# Общий раздел > Новости, факты и мнения > Интересно знать >  Дед Мороз в религиях народов мира

## Irina

:7457:
*Православие*. Дед-Мороз – это искаженный большевиками образ Святителя Николая. Он приходит к хорошим добрым детям, которые слушаются родителей. И не забывают молиться на ночь. Когда Николай приходит, нужно прочитать ему «Символ Веры» и «Отче наш», тогда Святитель что-нибудь хорошее подарит.

*Православие (радикальный вариант).* Дед-Мороз – это искаженный сатанистами-коммунистами образ Святителя Николая. Он приходит исключительно к послушным детям, которые каждый день ходят в церковь, регулярно причащаются и исповедуются. Когда Николай приходит, нужно прочитать ему десять раз «Символ Веры», десять раз - «Отче наш», отбить пятьдесят поклонов, тогда Святитель что-нибудь хорошее подарит. К детям, которые читают книги про Гарри Поттера, смотрят американские мультфильмы, пьют Кока-колу, чьи родители имеют ИНН, Николай не приходит.

*Католицизм*. Дед-Мороз у нас зовется Санта-Клаусом. Он, конечно, существует. На то есть энциклика папы Пия Второго. Санта дарит подарки всем добрым детям, которые успели исповедаться и очиститься от грехов. Сам Санта – безгрешен, по воле Божьей.

*Протестантизм (лютеранство)*. У нас тоже он зовется Санта-Клаусом. Но поведение ребенка особо не влияет на то, придет к нему он с подарками или нет. Все равно все дети – гадкие грешники. Главное, чтобы они верили в силу и доброту Санты. Тогда будет и визит, и подарок.

*Протестантизм (кальвинизм)*. Уже заранее решено, придет к ребенку Санта, или не придет. Поведение роли не играет. Ребенок может только по определенным признакам догадаться, что Санта о нем знает, его любит и придет его поздравить. Главный признак – деньги. Если у родителей ребенка много денег, значит Санта придет. А если денег нет или их мало, значит - Санта не любит этого ребенка и никогда к нему не явится.

*Иудаизм.* Таки он есть! А вы сомневаетесь? Почему вы сомневаетесь? Конечно, он не шляется каждый год по домам. Он – приличный человек! Но когда-нибудь Дед Мороз обязательно придет. И подарит много-много подарков всем детям, даже – мертвым. Конечно, если эти дети верили в правильного Бога, не ели свинину и не работали по субботам.

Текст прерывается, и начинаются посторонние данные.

(* [A] need not be measurable: the integral of [f] is a supremum over simple
   functions [h], and each of them exceeds [g] only on a measurable set that
   lies in [A] up to [N]. *)
Lemma ge0_integral_le_excess {D A N : set R} {f : R -> \bar R} {g : R -> R}
    {K : R} :
  measurable D -> measurable N -> mu N = 0%E -> 0 <= K ->
  (forall x, 0 <= g x) -> measurable_fun setT g -> (forall x, (0 <= f x)%E) ->
  (forall x, D x -> (f x <= (g x + K)%:E)%E) ->
  (forall x, D x -> ~ A x -> ~ N x -> (f x <= (g x)%:E)%E) ->
  (\int[mu]_(x in D) f x <= \int[mu]_(x in D) (g x)%:E + K%:E * mu A)%E.
Proof.
move=> mD mN N0 K0 g0 mg f0 fgK fg.
rewrite ge0_integralE//; apply: ge_ereal_sup => _ [h /= hf <-].
have hf' x : D x -> ((h x)%:E <= f x)%E.
  by move=> Dx; have := hf x; rewrite /patch mem_set.
have hD x : ~ D x -> h x = 0.
  move=> nDx; apply/eqP; rewrite eq_le fun_ge0 andbT -lee_fin.
  by have := hf x; rewrite /patch; case: ifPn => //; rewrite inE.
pose S := [set x | g x < h x].
have mS : measurable S.
  have mhg : measurable_fun setT (fun x => h x - g x) by exact: measurable_funB.
  have := mhg measurableT _ (measurable_itv `]0, +oo[); rewrite setTI.
  suff -> : S = (fun x => h x - g x) @^-1` `]0, +oo[ by [].
  by apply/seteqP; split => x; rewrite /S /= in_itv /= andbT subr_gt0.
have hgS x : D x -> h x <= g x + K * \1_S x.
  move=> Dx; rewrite /indic; case: (boolP (x \in S)) => xS.
    by rewrite mulr1 -lee_fin (le_trans (hf' x Dx)) ?fgK.
  by rewrite mulr0 addr0 leNgt; apply/negP; move: xS; rewrite notin_setE.
have SD_A : (mu (S `&` D) <= mu A)%E.
  apply: (@lebesgue_measure_le_null_diff (S `&` D) N A);
    [exact: measurableI | exact: mN | exact: N0 |].
  move=> x [[Sx Dx] Nx]; apply: contrapT => Ax; have := fg x Dx Ax Nx.
  by rewrite leNgt (lt_le_trans _ (hf' x Dx)) // lte_fin.
rewrite -integralT_nnsfun.
have -> : (\int[mu]_x (h x)%:E = \int[mu]_(x in D) (h x)%:E)%E.
  rewrite [RHS]integral_mkcond; apply: eq_integral => x _.
  by rewrite /patch; case: ifPn => // /negP; rewrite inE => /hD ->.
have h0 x : D x -> 0 <= h x by move=> _; exact: fun_ge0.
have mhD := measurable_funTS (D := D) (@measurable_funPT _ _ _ _ h).
have mgD := measurable_funTS (D := D) mg.
apply: le_trans (ge0_integral_le_indic mD mS K0 h0 mhD g0 mgD hgS) _.
by apply: leeD2l; apply: lee_wpmul2l; rewrite ?lee_fin.
Qed.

*Ислам* – нашего Деда Мороза зовут Али Баба, да продлит Аллах его годы. Он – прямой потомок одного из учеников пророка Мухаммеда. Али Баба ходит под новый год по свету и дарит детям правоверных подарки, иншалла. Как он выглядит – никто не знает, потому что рисовать его запрещено. Совсем маленьким он приносит щербет, лукум, нугу, казинак. Мальчикам постарше – игрушки (автоматы, петарды, танки), девочкам же постарше – кулинарные книги, платки, длинные платья…

*Буддизм* – никакого Деда-Мороза нет. Это лишь наша иллюзия, воплощение наших суетных желаний, что сковывают нас с этим миром, обителью страданий. Не надо ничего хотеть и желать, тогда придет Никто и принесет Ничто, что даст освобождение из цепей Перерождений.

*Индуизм.* Ом! Деду-Морозу – это аватар бога Антантананариву. Он приносит дары детям. Детям высших каст – богатые, низших – бедные. Детям Неприкасаемых он строит подлости и вредит, чтобы они страдали и тем самым очищали карму, получив возможность в следующей жизни родиться брахманами.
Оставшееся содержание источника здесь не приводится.